The question is :

Let $R$ be a Dedekind domain and $I,J$ be fractional ideals in $R$. Then $I \cong J$ as $R-$modules if and only if $IJ^{-1}$ is a principal ideal of the quotient field $K(R)$ of $R$ i.e. $[I]=[J]$ in the class group $C(R)$.

The hint given was in one direction : if $\phi : I \to J$ is an isomorphism, then I must show that $\frac{\phi(a)}a$ is constant (doesn't depend on $a$).

In the reverse direction , if $IJ^{-1} = (c)$ for some $c \in K(R)$, then since $I$ is fractional and $R$ is Dedekind, $I = \frac{(a,b)}r$ for some $r$, since every ideal is doubly generated in a Dedekind domain, and similarly for $J$. How does this give me an isomorphism?

In the forward direction, if we assume first that $I,J$ are integral (i.e. ideals of $R$ itself) then pick $a \in I$ and note that ,$\phi : I \to J$ induces $\phi_m : S_m^{-1}I \to S_m^{-1} J$ (the localizations of $I$ and $J$ at every maximal ideal $m$, particularly those $m_i$ which contain $a$). Now, $S_{m_i}^{-1}(a)$ is mapped to some $S_{m_i}^{-1}(b)$ since $S_m^{-1}R$ is a discrete valuation ring. But I am not able to bring in $\frac{\phi(a)}a$ anywhere : how do I bring the quotient in, in the first place?


Assume that $[I]=[J]$. Then we know that $\exists a,b \in R$ s.t. $(a)I = (b)J$. In particular for $x \in I$ there exists unique $y \in J$ s.t. $ax = by$. Now define a map $\phi: I \to J$ by sending $x$ to $y$. As mentioned above this map is a bijection and we only need to prove that $\phi$ is a module homomorphism. Now we have that if $ax_1 = by_1$ and $ax_2 = by_2$ then $a(x_1+x_2) = b(y_1+y_2)$. This means that:

$$\phi(x_1 + x_2) = y_1 + y_2 = \phi(x_1) + \phi(x_2)$$

Also if $r \in R$, then if $ax = by$ we have that $a(rx) = b(ry)$. Thus we have that:

$$\phi(rx) = ry = r\phi(y)$$

This finishes the first direction.

For the other side I have a proof that doesn't make use of the hint. Let $\phi: I \to J$ be an $R$-module isomorphism. Then $\exists r,k \not = 0 \in R$ s.t. $rI \subseteq R$ and $kJ \subset R$, as $I$ and $J$ are fractional ideals. Now it's not hard to see that the restriction of $\phi$ to $rkI$ is an isomorphism between $(rk)I$ and $(rk)J$, which are both integral ideals.

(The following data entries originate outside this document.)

Lemma is_derive_line G p e t : derivable G (p + t *: e) e ->
  is_derive t 1 (fun t => G (p + t *: e)) ('D_e G (p + t *: e)).
Proof.
move=> G_der.
have quotE : (fun h : R => h^-1 *: (((fun t => G (p + t *: e)) \o shift t) (h *: 1)
      - G (p + t *: e))) =
    (fun h : R => h^-1 *: ((G \o shift (p + t *: e)) (h *: e) - G (p + t *: e))).
  by apply/funext => h /=; rewrite /shift /= scaler1 scalerDl addrCA.
by split; [rewrite /derivable quotE | rewrite /derive quotE].
Qed.

Lemma line_mvt G p e a : (forall t, `|t| <= `|a| -> derivable G (p + t *: e) e) ->
  exists2 th, `|th| <= `|a| & G (p + a *: e) - G p = 'D_e G (p + th *: e) * a.
Proof.
move=> G_der; have [th tha eq] := @MVT_abs R (fun t => G (p + t *: e)) _ a
  (fun t ta => is_derive_line (G_der t ta)).
by exists th => //; rewrite -eq scale0r addr0.
Qed.

Definition stair (d : vec) (k : nat) : vec :=
  \row_j (if (j < k)%N then d ord0 j else 0).

Lemma stair0 d : stair d 0 = 0.
Proof. by apply/rowP => j; rewrite !mxE. Qed.

Lemma stair_full d : stair d n = d.
Proof. by apply/rowP => j; rewrite !mxE ltn_ord. Qed.

Lemma stairS d (k : 'I_n) : stair d k.+1 = stair d k + d ord0 k *: delta_mx 0 k.
Proof.
apply/rowP => j; rewrite !mxE ltnS leq_eqVlt.
have [->|jk] := eqVneq j k; first by rewrite eqxx ltnn /= add0r mulr1.
by rewrite (inj_eq val_inj) (negbTE jk) /= mulr0 addr0.
Qed.
(* Let $f$ be a piecewise expanding unimodal map. Then there exists $\epsilon>0$ such that $f$ is $\epsilon$-expansive. If furthermore $f$ is good, then there exists $\epsilon>0$ such that $f$ is stably $\epsilon$-expansive.
   Context: Let $I=[-1,1]$ and $c=0$. $\mathcal B^1(I)$ is the Banach space of continuous $f:I\to\mathbb R$ that are $C^1$ on $[-1,0]$ and on $[0,1]$ with $f(1)=f(-1)$, normed by $|f|_1=\max\{|f|_{C^1[-1,0]},|f|_{C^1[0,1]}\}$ where $|f|_{C^1(Q)}=\max(\sup_Q|f|,\sup_Q|Df|)$. A piecewise expanding unimodal map is an $f\in\mathcal B^1(I)$ with $f(-1)=f(1)=-1$, $\inf_{x\in[-1,0]}Df(x)>1$, $\sup_{x\in[0,1]}Df(x)<-1$ and $f(0)\le1$. Such $f$ is good if either $c$ is not periodic, or $c$ has prime period $p\ge2$ and $|Df^{p-1}(f(c))|\min\{|Df^+(c)|,|Df^-(c)|\}>2$ ($Df^\pm(c)$ the one-sided derivatives at $c$). A map $f:I\to I$ is $\epsilon$-expansive if for every interval $L\subset I$ of positive length there is $i\ge1$ with $|f^i(L)|>\epsilon$. A piecewise expanding unimodal map $f_0$ is stably $\epsilon$-expansive if every piecewise expanding unimodal map $f$ sufficiently close to $f_0$ in $|\cdot|_1$ is $\epsilon$-expansive. *)

From Stdlib Require Import Reals.
Open Scope R_scope.

Fixpoint iter (n : nat) (f : R -> R) (x : R) : R :=
  match n with
  | O => x
  | S m => f (iter m f x)
  end.

Definition cI (a b : R) : R -> Prop := fun x => a <= x <= b.

Definition I : R -> Prop := cI (-1) 1.

Definition deriv_within (D : R -> Prop) (g : R -> R) (x l : R) : Prop :=
  forall eps, 0 < eps -> exists delta, 0 < delta /\
    forall y, D y -> Rabs (y - x) < delta ->
      Rabs (g y - g x - l * (y - x)) <= eps * Rabs (y - x).

Definition cont_within (D : R -> Prop) (h : R -> R) (x : R) : Prop :=
  forall eps, 0 < eps -> exists delta, 0 < delta /\
    forall y, D y -> Rabs (y - x) < delta -> Rabs (h y - h x) < eps.

Definition C1_on (a b : R) (f Df : R -> R) : Prop :=
  (forall x, cI a b x -> deriv_within (cI a b) f x (Df x)) /\
  (forall x, cI a b x -> cont_within (cI a b) Df x).

Definition in_B1 (f : R -> R) : Prop :=
  (exists DL DR, C1_on (-1) 0 f DL /\ C1_on 0 1 f DR) /\ f 1 = f (-1).

(* |f - g|_1 < delta, written out with the (unique) piecewise derivatives. *)
Definition B1_close (f g : R -> R) (delta : R) : Prop :=
  exists DLf DRf DLg DRg,
    C1_on (-1) 0 f DLf /\ C1_on 0 1 f DRf /\
    C1_on (-1) 0 g DLg /\ C1_on 0 1 g DRg /\
    (forall x, cI (-1) 0 x ->
       Rabs (f x - g x) < delta /\ Rabs (DLf x - DLg x) < delta) /\
    (forall x, cI 0 1 x ->
       Rabs (f x - g x) < delta /\ Rabs (DRf x - DRg x) < delta).

(* Piecewise expanding unimodal map (turning point c = 0).
   inf_{[-1,0]} Df > 1  is written  exists lam > 1, Df >= lam on [-1,0];
   sup_{[0,1]} Df < -1  is written  exists lam > 1, Df <= -lam on [0,1]. *)
Definition PEU (f : R -> R) : Prop :=
  in_B1 f /\ f (-1) = -1 /\ f 1 = -1 /\
  (exists DL DR, C1_on (-1) 0 f DL /\ C1_on 0 1 f DR /\
     (exists lam, 1 < lam /\ forall x, cI (-1) 0 x -> lam <= DL x) /\
     (exists lam, 1 < lam /\ forall x, cI 0 1 x -> DR x <= - lam)) /\
  f 0 <= 1.
(* Let $(t,\eta,\mu)$ be a polynomial monad, i.e. a monoid in $(\mathbf{Poly},\mathcal{y},\triangleleft)$. For sets $A,B$ put $h^t_{A,B}:=[A\mathcal{y},\, t\triangleleft B\mathcal{y}]\in\mathbf{Poly}$. Then the Kleisli category $\mathbf{Set}_t$ is enriched in $(\mathbf{Poly},\mathcal{y},\otimes)$: there is a $(\mathbf{Poly},\mathcal{y},\otimes)$-enriched category whose objects are sets, whose hom-objects are the polynomials $h^t_{A,B}$ (with identities induced by $A\mathcal{y}\cong\mathcal{y}\triangleleft A\mathcal{y}\xrightarrow{\eta\triangleleft A\mathcal{y}} t\triangleleft A\mathcal{y}$ and a unital, associative composition $h^t_{A,B}\otimes h^t_{B,C}\to h^t_{A,C}$), and whose underlying ordinary category (obtained by applying $\mathbf{Poly}(\mathcal{y},-)$ to hom-objects) is $\mathbf{Set}_t$; in particular $\mathbf{Poly}(\mathcal{y},h^t_{A,B})\cong\mathbf{Set}_t(A,B)$.
   Context: $\mathbf{Poly}$ is the category of polynomial functors $\mathbf{Set}\to\mathbf{Set}$, i.e. functors of the form $p=\sum_{i\in p(1)}\mathcal{y}^{p[i]}$ where $\mathcal{y}^X=\mathrm{Hom}_{\mathbf{Set}}(X,-)$, with natural transformations as morphisms. $\triangleleft$ denotes composition of polynomial functors ($p\triangleleft q = p\circ q$, unit $\mathcal{y}$); $\otimes$ is the Dirichlet (parallel) product $p\otimes q=\sum_{(i,j)\in p(1)\times q(1)}\mathcal{y}^{p[i]\times q[j]}$ with unit $\mathcal{y}$; $[-,-]$ denotes the internal hom of $(\mathbf{Poly},\otimes)$, so maps $r\otimes p\to q$ correspond to maps $r\to[p,q]$. For a set $A$, $A\mathcal{y}=\sum_{a\in A}\mathcal{y}$. The Kleisli category $\mathbf{Set}_t$ has sets as objects and functions $A\to t(B)$ as morphisms $A\to B$. For a monoidal category $(V,I,\otimes)$, a category $\mathcal{C}$ is said to be enriched in $V$ if there is a $V$-enriched category whose underlying category, obtained by applying the lax monoidal functor $V(I,-)\colon V\to\mathbf{Set}$ to hom-objects, is $\mathcal{C}$. *)

(* a concrete encoding of the category Poly of polynomial
   functors Set -> Set, following the standard (position, direction)
   presentation.  Sets are modelled by Types. *)
From Stdlib Require Import FunctionalExtensionality.


(** A polynomial p = sum_{i : pos p} y^{dir p i}. *)
Record Poly := mkPoly { pos : Type; dir : pos -> Type }.


(** Morphisms of polynomials (= natural transformations, by Yoneda):
    a map on positions and a backwards map on directions. *)
Record Pmor (p q : Poly) := mkPmor {
  onPos : pos p -> pos q;
  onDir : forall i : pos p, dir q (onPos i) -> dir p i }.
Arguments mkPmor {p q}.
Arguments onPos {p q}.
Arguments onDir {p q}.

Definition pid (p : Poly) : Pmor p p := mkPmor (fun i => i) (fun i e => e).

(** Diagrammatic composition: [Pseq f g] is "first f, then g" = g o f. *)
Definition Pseq {p q r : Poly} (f : Pmor p q) (g : Pmor q r) : Pmor p r :=
  mkPmor (fun i => onPos g (onPos f i))
         (fun i e => onDir f i (onDir g (onPos f i) e)).

(** The identity polynomial y, and A y = sum_{a : A} y. *)
Definition yP : Poly := mkPoly unit (fun _ => unit).
Definition linP (A : Type) : Poly := mkPoly A (fun _ => unit).

(** Composition product p <| q = p o q. *)
Definition tri (p q : Poly) : Poly :=
  mkPoly {i : pos p & dir p i -> pos q}
         (fun ik => {d : dir p (projT1 ik) & dir q (projT2 ik d)}).

Definition triM {p p' q q' : Poly} (f : Pmor p p') (g : Pmor q q')
  : Pmor (tri p q) (tri p' q') :=
  mkPmor (p := tri p q) (q := tri p' q')
    (fun ik => existT (fun i => dir p' i -> pos q') (onPos f (projT1 ik))
                 (fun d' => onPos g (projT2 ik (onDir f (projT1 ik) d'))))
    (fun ik e => existT (fun d => dir q (projT2 ik d))
                   (onDir f (projT1 ik) (projT1 e))
                   (onDir g _ (projT2 e))).

Definition triL (p : Poly) : Pmor (tri yP p) p :=
  mkPmor (p := tri yP p) (q := p)
    (fun ik => projT2 ik tt)
    (fun ik e => existT (fun d => dir p (projT2 ik d)) tt e).

Definition triLinv (p : Poly) : Pmor p (tri yP p) :=
  mkPmor (p := p) (q := tri yP p)
    (fun i => existT (fun _ : unit => unit -> pos p) tt (fun _ => i))
    (fun i e => projT2 e).

Definition triR (p : Poly) : Pmor (tri p yP) p :=
  mkPmor (p := tri p yP) (q := p)
    (fun ik => projT1 ik)
    (fun ik d => existT (fun d0 => dir yP (projT2 ik d0)) d tt).
Lemma hw_zeroVec x : hw Th (zeroVec n) x = C0.
Proof.
rewrite /hw /zeroVec Rsum_eq0 => [|a]; last by rewrite /Cnorm2 /=; ring.
rewrite !Csum_eq0; try (move=> a; try apply: Csum_eq0 => b).
all: Cring.
Qed.

Lemma nf_zeroVec a b M : nf Th a b (zeroVec n) M = affH a b (dilrot a M).
Proof.
apply: functional_extensionality => z; rewrite /nf /affH hw_zeroVec.
congr pair; first by Cring.
by apply: functional_extensionality => c; rewrite /dilrot /vscale /mxv /zeroVec; Cring.
Qed.

Lemma represents_nf f a b M :
  agreeOnH f (nf Th a b (zeroVec n) M) -> represents f a b (dilrot a M).
Proof. by move=> fnf z Hz; rewrite -nf_zeroVec; apply: eqPt_eq; apply: fnf. Qed.

Lemma Cre_nf a b w M (x0 : R) x :
  Cre (nf Th a b w M (RtoC x0, x)).1 = a * x0 - vnorm2 w - 2 * vdot x w.
Proof. by rewrite /nf; cbn [fst snd Cre Cim Cplus Cmult RtoC Ci]; rewrite Cre_hw; ring. Qed.

Lemma nf_inH_far a b w M x : 0 < a ->
  exists X : R, forall x0 : R, x0 <= X -> inH (RtoC x0, x) /\ inH (nf Th a b w M (RtoC x0, x)).
Proof.
move=> a0; set c := Cre (nf Th a b w M (RtoC 0, x)).1 + vnorm2 (nf Th a b w M (RtoC 0, x)).2.
exists (Rmin (- (Rabs c + 1) / a) (- vnorm2 x - 1)) => x0 x0X.
have x0_le1 := Rle_trans _ _ _ x0X (Rmin_l _ _).
have x0_le2 := Rle_trans _ _ _ x0X (Rmin_r _ _).
split; first by rewrite /inH /= -/(vnorm2 x); lra.
change (Cre (nf Th a b w M (RtoC x0, x)).1 + vnorm2 (nf Th a b w M (RtoC 0, x)).2 < 0).
have : a * x0 <= a * (- (Rabs c + 1) / a) by apply: Rmult_le_compat_l; lra.
have -> : a * (- (Rabs c + 1) / a) = - (Rabs c + 1) by field; lra.
have := Rle_abs c; rewrite /c !Cre_nf; lra.
Qed.

Lemma vnorm2_dilrot a M x : 0 <= a -> inU Th M -> vnorm2 (dilrot a M x) = a * vnorm2 x.
Proof. by move=> a0 UM; rewrite vnorm2_scale (inU_vnorm2 _ UM) sqrt_sqrt. Qed.

Lemma affH_inH a b T z : is_dilrot a T -> inH z -> inH (affH a b T z).
Proof.
case=> a0 [M [UM ->]] Hz.
change (Cre (affH a b (dilrot a M) z).1 + vnorm2 (dilrot a M z.2) < 0).
have : Cre z.1 + vnorm2 z.2 < 0 := Hz.
by rewrite vnorm2_dilrot /=; [nra | lra | done].
Qed.

Lemma Cre_affH a b T z : Cre (affH a b T z).1 = a * Cre z.1.
Proof. by rewrite /affH /=; ring. Qed.

Lemma affH_comp a1 b1 T1 a2 b2 T2 z :
  affH a1 b1 T1 (affH a2 b2 T2 z) = affH (a1 * a2) (a1 * b2 + b1) (T1 \o T2) z.
Proof. by rewrite /affH /=; congr pair; Cring. Qed.

Lemma affH_id z : affH 1 0 id z = z.
Proof. by case: z => z0 x; rewrite /affH /=; congr pair; Cring. Qed.

Lemma affH_inj a b T a' b' T' :
  (forall z, inH z -> affH a b T z = affH a' b' T' z) -> [/\ a = a', b = b' & T = T'].
Proof.
move=> aff_eq.
have at_x x : [/\ a = a', b = b' & T x = T' x].
  set X := - vnorm2 x - 1.
  have E1 := aff_eq (RtoC X, x) ltac:(rewrite /inH /= /X -/(vnorm2 x); lra).
  have E2 := aff_eq (RtoC (X - 1), x) ltac:(rewrite /inH /= /X -/(vnorm2 x); lra).
  move: (f_equal (fun p => Cre p.1) E1) (f_equal (fun p => Cre p.1) E2).
  move: (f_equal (fun p => Cim p.1) E1) (f_equal snd E1); rewrite /affH /= => ? ? ? ?.
  by split=> //; nra.
have [-> -> _] := at_x (zeroVec n); split=> //.
by apply: functional_extensionality => x; case: (at_x x).
Qed.
Lemma cylinder_indep B E : measurable B -> cylinder X S E ->
  Q (E `&` X i @^-1` B) = Q E * P B.
Proof.
move=> mB [J [A [uJ SJ mA ->]]].
have iJ : i \notin J by apply/negP => /SJ.
pose A' j := if j == i then B else A j.
have A'E : {in J, A' =1 A}.
  by move=> j jJ; rewrite /A'; case: eqP => // ji; move: iJ; rewrite -ji jJ.
have uiJ : uniq (i :: J) by rewrite /= iJ.
have DiJ j : j \in i :: J -> D j by rewrite inE => /predU1P[->|/SJ/SD].
have miJ j : j \in i :: J -> measurable (A' j).
  by rewrite inE => /predU1P[->|jJ]; rewrite /A' ?eqxx // -/(A' j) A'E //; exact: mA.
have := Xind uiJ DiJ miJ.
rewrite bigcap_seq big_cons -bigcap_seq big_cons.
rewrite (eq_bigcapr (G := fun j => X j @^-1` A j)); last by move=> j jJ; rewrite A'E.
rewrite (eq_big_seq (fun j => Q (X j @^-1` A j))); last by move=> j jJ; rewrite A'E.
rewrite -Xind // => [|j /SJ/SD //].
by rewrite /A' eqxx setIC XP // muleC.
Qed.

Lemma sigma_cylinder_indep B E : measurable B -> <<s cylinder X S >> E ->
  Q (E `&` X i @^-1` B) = Q E * P B.
Proof.
move=> mB sE.
have mXB : measurable (X i @^-1` B) by rewrite -[X in measurable X]setTI; exact: mX.
have PB0 : (0 <= fine (P B))%R by rewrite fine_ge0.
have PBE : P B = (fine (P B))%:E by rewrite fineK ?fin_num_measure.
have scaleE A : mscale (NngNum PB0) Q A = Q A * P B by rewrite /mscale /= muleC -PBE.
have eqE : mrestr Q mXB E = mscale (NngNum PB0) Q E.
  apply: (g_sigma_algebra_measure_unique (cylinder X S)
    (cylinder_measurable mX (S := S)) (fun=> setT) (fun=> cylinder_setT X S)) => //.
  - by rewrite bigcup_const.
  - exact: cylinder_setI_closed.
  - by move=> A cA; apply: (etrans _ (esym (scaleE A))); exact: cylinder_indep.
  - move=> _; rewrite -[X in X < _]/(Q (setT `&` _)) setTI.
    by rewrite (le_lt_trans (probability_le1 _ _)) ?ltey.
by rewrite -[LHS]/(mrestr Q mXB E) eqE -scaleE.
Qed.

Let Tg := g_sigma_algebraType (cylinder X S).

Let measurable_id_cylinder : measurable_fun [set: T] (id : T -> Tg).
Proof. by move=> _ A mA; rewrite setTI; exact: sigma_cylinder_measurable mA. Qed.

Let id_cylinder : {mfun T >-> Tg} :=
  HB.pack (id : T -> Tg) (isMeasurableFun.Build _ _ _ _ _ measurable_id_cylinder).

Let pair_cylinder : {mfun T >-> (Tg * Omega)%type} :=
  HB.pack (fun t => (t : Tg, X i t)) (isMeasurableFun.Build _ _ _ _ _
    (measurable_fun_pair measurable_id_cylinder (mX i))).

Lemma cylinder_pair_law (W : set (Tg * Omega)) : measurable W ->
  Q ((fun t => (t : Tg, X i t)) @^-1` W) = (distribution Q id_cylinder \x P) W.
Proof.
move=> mW; apply/esym/(product_measure_unique (m' := distribution Q pair_cylinder)) => //.
by move=> A B mA mB; exact: sigma_cylinder_indep.
Qed.
Lemma area_ge0 P j : 0 <= ph_area tri P j.
Proof. by rewrite /ph_area divr_ge0 ?sqrtr_ge0 ?ler0n. Qed.

Lemma jacE P j : ph_jac tri P j = ph_cross (edge P j c1) (edge P j c2).
Proof. by []. Qed.

Lemma dot_jac P j : ph_dot (ph_jac tri P j) (ph_jac tri P j) =
  ph_dot (edge P j c1) (edge P j c1) * ph_dot (edge P j c2) (edge P j c2)
  - ph_dot (edge P j c1) (edge P j c2) ^+ 2.
Proof. by rewrite jacE dot_cross (dotC (edge P j c2)) expr2. Qed.

Lemma gradS_cross P f j : ph_gradS tri P f j =
  (ph_vnorm (ph_jac tri P j))^-1 ^+ 2 *: ph_cross (grad_numerator P f j) (ph_jac tri P j).
Proof.
rewrite /ph_gradS /ph_normal !crossZr /grad_numerator.
rewrite (crossDl (_ + _)) (crossDl (_ *: _)) !crossZl !scalerDr !scalerA.
by congr (_ + _ + _); congr (_ *: _); ring.
Qed.

Lemma dot_grad_numerator_jac P f j : ph_dot (grad_numerator P f j) (ph_jac tri P j) = 0.
Proof. by rewrite dotE /grad_numerator /ph_jac /ph_vtx !mxE /=; ring. Qed.

Lemma dot_gradS P f g j : ph_jac tri P j != 0 ->
  ph_dot (ph_gradS tri P f j) (ph_gradS tri P g j) =
  (ph_dot (ph_jac tri P j) (ph_jac tri P j))^-1
  * ph_dot (grad_numerator P f j) (grad_numerator P g j).
Proof.
move=> jac_neq0.
rewrite !gradS_cross dotZl dotZr dot_cross_orth ?dot_grad_numerator_jac //.
move: (ph_dot (grad_numerator P f j) _) => x.
have normJ_sqr : ph_vnorm (ph_jac tri P j) ^+ 2 = ph_dot (ph_jac tri P j) (ph_jac tri P j).
  by rewrite sqr_sqrtr ?dot_self_ge0.
have normJ_neq0 : ph_vnorm (ph_jac tri P j) != 0.
  by rewrite sqrtr_eq0 -ltNge dot_self_gt0.
rewrite -normJ_sqr; field.
by rewrite normJ_neq0.
Qed.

Indeed $\phi(rkx) = rk\phi(x) = rky$ and the bijectivity isn't hard to proof. Now we'll prove that for a fixed $x \in (rK)I$ we have $\phi(x)(rk)I = x(rk)J$. This follows as:

$$\phi(x)(rk)a = \phi(xrka) = x\phi(ra) = xrk\phi(a) \in xrkJ \implies \phi(x)rkI \subset xrkJ$$ $$xrkb = xrk\phi(a) = \phi(xrka) = \phi(x)rka \in \phi(x)rkI \implies xrkJ \subset \phi(x)rkI$$

Note that in the first line we used the fact that $rka \in R$ to put it inside the isomorphism. While in the second line we used the surjectivity of $\phi$ to get that for every $b \in j$ there is $a \in I$ s.t. $\phi(a) = b$.

So as $x \in (rk)I \subset R$ and $\phi(x) \in (rk)J \subset R$ we get that $(rk)I \sim (rk)J$. Thus we have that $[(rk)I]=[(rk)J] \implies [(rk)][I] = [(rk)][J] \implies [I]=[J]$. Hence the proof.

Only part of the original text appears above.